Ugra National Park (Национальный парк Угра) is a national park in central Russia, located in Kaluga Oblast, in the valley of the Ugra River. It was established on 10 February 1997 to protect typical landscapes of Central Russia. In 2002, it was designated a UNESCO biosphere reserve. The headquarters of the national park are located in Kaluga.

==Geography==
The total area of the park is 986,245 km2. It consists of seven clusters grouped into three areas,
- The northern part comprises the valley of the Ugra from the border with Smolensk Oblast downstream to the village of Kurovskoye. This part is split between Dzerzhinsky, Iznoskovsky, and Yukhnovsky Districts;
- The southern part includes the valley of the Zhizdra River down to its mouth; it belongs to Kozelsky and Peremyshlsky Districts;
- The Vorotynsk part, the smallest of the three, surrounds the selo of Vorotynsk and is split between Babyninsky and Peremyshlsky Districts.

Mammals in the park include moose, wild boar, roe deer, Eurasian beaver, and muskrat. Russian desman is an endangered species which lives in lakes within the park.

==Tourism==
The rivers in the park are popular for kayaking.

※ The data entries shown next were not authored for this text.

Lemma exists_sphere_pair z : z != 0 -> N z < 1 ->
  exists x, N x = 1 /\ N (2 *: z - x) = 1.
Proof.
move=> zn0 z1; have z0 := N_gt0 zn0.
pose a (s : R) : R := 1 - 2 * s.
pose b (s : R) : R := s * (1 - s).
have ca : continuous a.
  by move=> s; apply: cvgB; [exact: cvg_cst | apply: cvgM; [exact: cvg_cst | exact: cvg_id]].
have cb : continuous b.
  by move=> s; apply: cvgM; [exact: cvg_id | apply: cvgB; [exact: cvg_cst | exact: cvg_id]].
(* w runs from z to -z avoiding 0, so w / N w runs on the sphere from z / N z to -z / N z. *)
pose w s := a s *: z + b s *: perp z.
have w_neq0 s : w s != 0.
  by apply/eqP => /(perp_free zn0) []; rewrite /a /b; nra.
pose n s := N (w s).
have n_gt0 s : 0 < n s by apply: N_gt0.
have cn : continuous n by apply: continuous_N_comb.
pose h s := N ((2 - a s / n s) *: z + (- (b s / n s)) *: perp z).
have hE s : h s = N (2 *: z - (n s)^-1 *: w s).
  by congr N; row2_field; rewrite gt_eqF.
have ch : continuous h.
  apply: continuous_N_comb => s.
    apply: cvgB; first exact: cvg_cst.
    by apply: cvgM; [exact: ca | apply: cvgV; [rewrite gt_eqF | exact: cn]].
  by apply: cvgN; apply: cvgM; [exact: cb | apply: cvgV; [rewrite gt_eqF | exact: cn]].
have w0 : w 0 = z by rewrite /w /a /b; row2_field.
have w1 : w 1 = - z by rewrite /w /a /b; row2_field.
have h0 : h 0 < 1.
  rewrite hE /n w0 (_ : 2 *: z - _ = (2 - (N z)^-1) *: z); last by row2_field; rewrite gt_eqF.
  rewrite NZ -{2}(ger0_norm (ltW z0)) -normrM (_ : _ * N z = 2 * N z - 1);
    last by field; rewrite gt_eqF.
  by rewrite ltr_norml; lra.
have h1 : 1 < h 1.
  rewrite hE /n w1 NN (_ : 2 *: z - _ = (2 + (N z)^-1) *: z); last by row2_field; rewrite gt_eqF.
  rewrite NZ ger0_norm; last by rewrite addr_ge0 // invr_ge0 ltW.
  by rewrite (_ : _ * N z = 2 * N z + 1); [lra | field; rewrite gt_eqF].
have [c _ hc] : exists2 c, c \in `[0, 1] & h c = 1.
  apply: IVT; [exact: ler01 | exact: continuous_subspaceT |].
  by rewrite ge_min le_max (ltW h0) (ltW h1) orbT.
exists ((n c)^-1 *: w c); split; last by rewrite -hE.
by rewrite NZ ger0_norm ?invr_ge0 ?ltW // mulVf // gt_eqF.
Qed.
(* Let $G$ be a finite non-singular graph. Then $\mathcal{A}_{RW}(G)\cong\mathcal{A}(G)$ (as algebras) if and only if $G$ is a regular graph or a biregular graph. Moreover, if $\mathcal{A}_{RW}(G)\not\cong\mathcal{A}(G)$, then the only algebra homomorphism between them is the null map.
   Context: Graphs are simple (no loops or multiple edges) and connected; here $G=(V,E)$ has finitely many vertices $V=\{1,\dots,n\}$. The adjacency matrix is $A=(a_{ij})$ with $a_{ij}=1$ if $i,j$ are neighbors and $0$ otherwise; $G$ is non-singular if $\det A\neq 0$. $\deg(i)$ is the number of neighbors of $i$. $G$ is $d$-regular if every vertex has degree $d$, and regular if it is $d$-regular for some $d$. $G$ is bipartite if $V$ splits into disjoint $V_1,V_2$ with every edge joining $V_1$ to $V_2$; $G$ is biregular if it is bipartite with such a bipartition in which any two vertices on the same side have the same degree. An evolution algebra over $\mathbb{R}$ is an algebra with a basis $\{e_i\}$ (natural basis) such that $e_i\cdot e_j=0$ for $i\ne j$ and $e_i\cdot e_i=\sum_k c_{ik}e_k$. $\mathcal{A}(G)$ has natural basis $\{e_i:i\in V\}$ with $e_i\cdot e_i=\sum_{k\in V}a_{ik}e_k$; $\mathcal{A}_{RW}(G)$ has natural basis $\{e_i:i\in V\}$ with $e_i\cdot e_i=\sum_{k\in V}\frac{a_{ik}}{\deg(i)}e_k$; in both, $e_i\cdot e_j=0$ for $i\neq j$. An isomorphism is a bijective linear map $f$ with $f(u\cdot v)=f(u)\cdot f(v)$. *)

From HB Require Import structures.
From mathcomp Require Import all_boot all_order all_algebra.
From mathcomp Require Import reals.
Set Implicit Arguments. Unset Strict Implicit. Unset Printing Implicit Defensive.
Import Order.TTheory GRing.Theory Num.Theory.
Local Open Scope ring_scope.

Definition simple_graph n (e : rel 'I_n) : Prop :=
  symmetric e /\ irreflexive e.

Definition connected_graph n (e : rel 'I_n) : Prop :=
  forall i j : 'I_n, connect e i j.

Definition deg n (e : rel 'I_n) (i : 'I_n) : nat := #|[set j | e i j]|.

Definition adjmx (R : nzRingType) n (e : rel 'I_n) : 'M[R]_n :=
  \matrix_(i, j) (e i j)%:R.

Definition rwmx (R : fieldType) n (e : rel 'I_n) : 'M[R]_n :=
  \matrix_(i, j) ((e i j)%:R / (deg e i)%:R).

Definition nonsingular_graph (R : nzRingType) n (e : rel 'I_n) : Prop :=
  \det (adjmx R e) != 0.

Definition regular_graph n (e : rel 'I_n) : Prop :=
  exists d : nat, forall i, deg e i = d.

Definition biregular_graph n (e : rel 'I_n) : Prop :=
  exists V1 : {set 'I_n},
    (forall i j, e i j -> (i \in V1) != (j \in V1)) /\
    (forall i j, (i \in V1) = (j \in V1) -> deg e i = deg e j).

(* The evolution algebra with structure matrix C on R^n (row vectors in
   the natural basis e_i): e_i e_j = 0 (i<>j), e_i e_i = sum_k C i k e_k.
   Hence (u v)_k = sum_i u_i v_i C_ik. *)
Definition evo_mul (R : nzRingType) n (C : 'M[R]_n) (u v : 'rV[R]_n) : 'rV[R]_n :=
  \row_k \sum_i u 0 i * v 0 i * C i k.

Definition evo_hom (R : nzRingType) n (C1 C2 : 'M[R]_n) (f : 'rV[R]_n -> 'rV[R]_n) : Prop :=
  (forall (a : R) u v, f (a *: u + v) = a *: f u + f v) /\
  (forall u v, f (evo_mul C1 u v) = evo_mul C2 (f u) (f v)).

Definition evo_iso (R : nzRingType) n (C1 C2 : 'M[R]_n) : Prop :=
  exists f : 'rV[R]_n -> 'rV[R]_n, bijective f /\ evo_hom C1 C2 f.

From mathcomp Require Import all_boot all_order all_algebra.
From mathcomp Require Import reals.
From mathcomp Require Import ring lra fingroup perm.
From Stdlib Require Import FunctionalExtensionality.
Set Implicit Arguments. Unset Strict Implicit. Unset Printing Implicit Defensive.
Import Order.TTheory GRing.Theory Num.Theory.
Local Open Scope ring_scope.

(* A homomorphism f between evolution algebras with structure matrices C1, C2
   satisfies f(e_i) f(e_j) = f(e_i e_j) = 0 for i <> j; when C2 is invertible
   this forces the images of the basis vectors to have disjoint supports.  So
   either some f(e_i) vanishes, and then all do by connectedness, or
   f(e_i) = lam_i e_(s i) for a permutation s, and f(e_i^2) = f(e_i)^2 reads
   C1_ij lam_j = lam_i^2 C2_(s i)(s j).  For C1, C2 the random-walk and adjacency
   matrices this gives lam_j = deg(i)^(+-1) lam_i^2 along every edge ij, and
   going back and forth along two edges ux, uy yields deg x = deg y.  Conversely
   when all neighbours of each vertex have the same degree, the relation holds
   with s = 1 and lam_i the cube root of 1 / (deg(i)^2 deg(neighbour of i)). *)

Lemma connect_preserved (T : finType) (e : rel T) (P : pred T) :
  (forall x y, e x y -> P x -> P y) -> forall x y, connect e x y -> P x -> P y.
Proof.
move=> eP x y /connectP[p]; elim: p x => [|z p IHp] x /=; first by move=> _ ->.
by case/andP=> exz pz y_last Px; apply: IHp pz y_last (eP _ _ exz Px).
Qed.

Lemma monomial_of_disjoint_rows (R : idomainType) n (M : 'M[R]_n) :
  (forall i j k, i != j -> M i k * M j k = 0) -> (forall i, exists k, M i k != 0) ->
  exists s : {perm 'I_n}, forall i k, (M i k != 0) = (k == s i).
Proof.
move=> disj nz_row.
have M_xchoose i : M i (xchoose (nz_row i)) != 0 := xchooseP (nz_row i).
have s_inj : injective (fun i => xchoose (nz_row i)).
  move=> i j eq_ij; apply/eqP/negPn/negP => /(disj _ _ (xchoose (nz_row i)))/eqP.
  by rewrite {2}eq_ij mulf_eq0 (negPf (M_xchoose i)) (negPf (M_xchoose j)).
exists (perm s_inj) => i k; rewrite permE.
have [j ->] : exists j, k = xchoose (nz_row j).
  by exists ((perm s_inj)^-1 k)%g; rewrite -[LHS](permKV (perm s_inj)) permE.
rewrite (inj_eq s_inj); have [-> | ne_ji] := eqVneq j i; first exact: M_xchoose.
move/eqP: (disj _ _ (xchoose (nz_row j)) ne_ji).
by rewrite mulf_eq0 (negPf (M_xchoose j)) /= => /eqP ->; rewrite eqxx.
Qed.

Lemma evo_mulE (R : nzRingType) n (C : 'M[R]_n) u v :
  evo_mul C u v = \row_k (u 0 k * v 0 k) *m C.
Proof. by apply/rowP => k; rewrite !mxE; apply: eq_bigr => i _; rewrite mxE. Qed.

Lemma evo_mul_delta (R : nzRingType) n (C : 'M[R]_n) i j :
  evo_mul C (delta_mx 0 i) (delta_mx 0 j) = if i == j then row i C else 0.
Proof.
apply/rowP => k; rewrite !mxE (bigD1 i) //= big1 => [|l /negPf ne_li]; last first.
  by rewrite !mxE ne_li andbF !mul0r.
by rewrite !mxE !eqxx addr0 mul1r; case: eqVneq => _; rewrite !mxE ?mul1r ?mul0r.
Qed.

Section EvolutionHom.
Variables (R : fieldType) (n : nat) (C1 C2 : 'M[R]_n) (f : 'rV[R]_n -> 'rV[R]_n).
Hypotheses (f_hom : evo_hom C1 C2 f) (C2_unit : C2 \in unitmx).

Let M : 'M[R]_n := \matrix_i f (delta_mx 0 i).

Lemma evo_hom0 : f 0 = 0.
Proof.
have := f_hom.1 1 0 0; rewrite !scale1r addr0 => f00.
by apply: (addrI (f 0)); rewrite addr0 -f00.
Qed.

Lemma evo_hom_mx u : f u = u *m M.
Proof.
rewrite mulmx_sum_row {1}(row_sum_delta u).
elim/big_rec2: _ => [|i v w _ <-]; first exact: evo_hom0.
by rewrite f_hom.1 rowK.
Qed.

Lemma hom_mx_disjoint i j k : i != j -> M i k * M j k = 0.
Proof.
move=> ne_ij; have := f_hom.2 (delta_mx 0 i) (delta_mx 0 j).
rewrite evo_mul_delta (negPf ne_ij) evo_hom0 evo_mulE => /esym.
move/(congr1 (mulmx^~ (invmx C2))); rewrite mulmxK // mul0mx => /rowP/(_ k).
by rewrite /M !mxE.
Qed.

Lemma hom_mx_sqr i l : \sum_k C1 i k * M k l = \sum_k M i k ^+ 2 * C2 k l.
Proof.
have := f_hom.2 (delta_mx 0 i) (delta_mx 0 i).
rewrite evo_mul_delta eqxx evo_hom_mx evo_mulE => /rowP/(_ l); rewrite !mxE => sqr.
by apply: etrans (etrans _ sqr) _; apply: eq_bigr => k _; rewrite /M !mxE ?expr2.
Qed.

Lemma hom_mx_row_eq0 i k : C1 i k != 0 -> row i M = 0 -> row k M = 0.
Proof.
move=> C1ik Mi0; apply/rowP => l; rewrite mxE [RHS]mxE; apply/eqP/negP => /negP Mkl.
have Mi_eq0 m : M i m = 0 by have /rowP/(_ m) := Mi0; rewrite !mxE.
have : \sum_m C1 i m * M m l = C1 i k * M k l.
  rewrite (bigD1 k) //= big1 ?addr0 // => m ne_mk.
  have /eqP := hom_mx_disjoint l ne_mk.
  by rewrite mulf_eq0 (negPf Mkl) orbF => /eqP ->; rewrite mulr0.
rewrite hom_mx_sqr big1 => [/esym/eqP | m _]; last by rewrite Mi_eq0 expr0n mul0r.
by rewrite mulf_eq0 (negPf C1ik) (negPf Mkl).
Qed.

Lemma evo_hom_eq0_or_monomial :
  (forall i j, connect [rel i k | C1 i k != 0] i j) ->
  f = (fun _ => 0) \/ exists (s : {perm 'I_n}) (lam : 'I_n -> R),
    (forall i, lam i != 0) /\ forall i j, C1 i j * lam j = lam i ^+ 2 * C2 (s i) (s j).
Proof.
move=> conn; have [nz_row | /forallPn[i0 /existsPn M_i0]] :=
  boolP [forall i, exists k, M i k != 0].
  right; have [s Ms] : exists s : {perm 'I_n}, forall i k, (M i k != 0) = (k == s i).
    apply: monomial_of_disjoint_rows => [|i]; first exact: hom_mx_disjoint.
    exact/existsP/(forallP nz_row).
  have M_off i k : k != s i -> M i k = 0 by rewrite -Ms => /negPn/eqP.
  exists s, (fun i => M i (s i)); split => [i | i j]; first by rewrite Ms.
  have := hom_mx_sqr i (s j).
  rewrite (bigD1 j) //= big1 => [|k ne_kj]; last first.
    by rewrite M_off ?mulr0 // (inj_eq perm_inj) eq_sym.
  rewrite (bigD1 (s i)) //= big1 => [|k ne_k]; last by rewrite M_off ?expr0n ?mul0r.
  by rewrite !addr0.
left; have M_row0 i : row i M = 0.
  apply/eqP; apply: (connect_preserved (P := fun j => row j M == 0) _ (conn i0 i)).
    by move=> x y /= C1xy /eqP /(hom_mx_row_eq0 C1xy) ->.
  by apply/eqP/rowP => k; have := M_i0 k; rewrite !mxE negbK => /eqP.
have M0 : M = 0 by apply/row_matrixP => i; rewrite M_row0 row0.
by apply: functional_extensionality => u; rewrite evo_hom_mx M0 mulmx0.
Qed.

End EvolutionHom.

Lemma evo_iso_scale (R : fieldType) n (C1 C2 : 'M[R]_n) (lam : 'I_n -> R) :
  (forall i, lam i != 0) -> (forall i j, C1 i j * lam j = lam i ^+ 2 * C2 i j) ->
  evo_iso C1 C2.
Proof.
move=> lam_nz scale; exists (fun u => \row_k (u 0 k * lam k)); split.
  apply: (@Bijective _ _ _ (fun u : 'rV_n => \row_k (u 0 k / lam k))) => u.
    by apply/rowP => k; rewrite !mxE mulfK.
  by apply/rowP => k; rewrite !mxE divfK.
split=> [a u v | u v]; apply/rowP => l; rewrite !mxE; first by ring.
rewrite mulr_suml; apply: eq_bigr => i _; rewrite -[_ * lam l]mulrA scale !mxE.
by ring.
Qed.

Lemma exists_pos_cbrt (R : rcfType) (y : R) : 0 < y -> exists2 x : R, 0 < x & x ^+ 3 = y.
Proof.
move=> y_gt0; have [||x /andP[x_ge0 _] /rootP] := @poly_ivt R ('X^3 - y%:P) 0 (1 + y).
- lra.
- rewrite !hornerE expr0n /= sub0r oppr_le0 (ltW y_gt0) /= subr_ge0.
  have : 1 + y <= (1 + y) ^+ 3 by rewrite -[leLHS]expr1 ler_eXn2l //; lra.
  lra.
rewrite !hornerE => /eqP; rewrite subr_eq0 => /eqP x3.
exists x => //; rewrite lt_neqAle x_ge0 andbT; apply: contraTneq y_gt0 => x0.
by rewrite -x3 -x0 expr0n ltxx.
Qed.

Definition uniform_nbr_deg n (e : rel 'I_n) : Prop :=
  forall u v w, e u v -> e u w -> deg e v = deg e w.

(* lam_u = w_v lam_v^2 = w_v w_u^2 lam_u^4, so w_v = (w_u^2 lam_u^3)^-1
   for every neighbour v of u. *)
Lemma nbr_weight_uniform (R : fieldType) n (e : rel 'I_n) (w lam : 'I_n -> R) :
  symmetric e -> (forall i, lam i != 0) ->
  (forall i j, e i j -> lam j = w i * lam i ^+ 2) ->
  forall u v x, e u v -> e u x -> w v = w x.
Proof.
move=> sym lam_nz edge u.
have inv_nbr v : e u v -> w v * (w u ^+ 2 * lam u ^+ 3) = 1.
  move=> euv; have lam_u := edge v u (etrans (sym v u) euv).
  rewrite (edge u v euv) in lam_u.
  by apply: (mulfI (lam_nz u)); rewrite mulr1 [RHS]lam_u; ring.
move=> v x euv eux; have c_nz : w u ^+ 2 * lam u ^+ 3 != 0.
  by apply: contra_eq_neq (inv_nbr v euv) => ->; rewrite mulr0 eq_sym oner_neq0.
by apply: (mulIf c_nz); rewrite !inv_nbr.
Qed.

The park is located in a historical area with significant number of cultural attractions which include Optina Monastery, the former medieval town of Vorotynsk and the location of the Great stand on the Ugra river which took place in 1480 between the armies of the Grand Duchy of Moscow and the Golden Horde.

Nikola-Lenivets (ru), Europe's largest art park, occupies a parcel of the national park.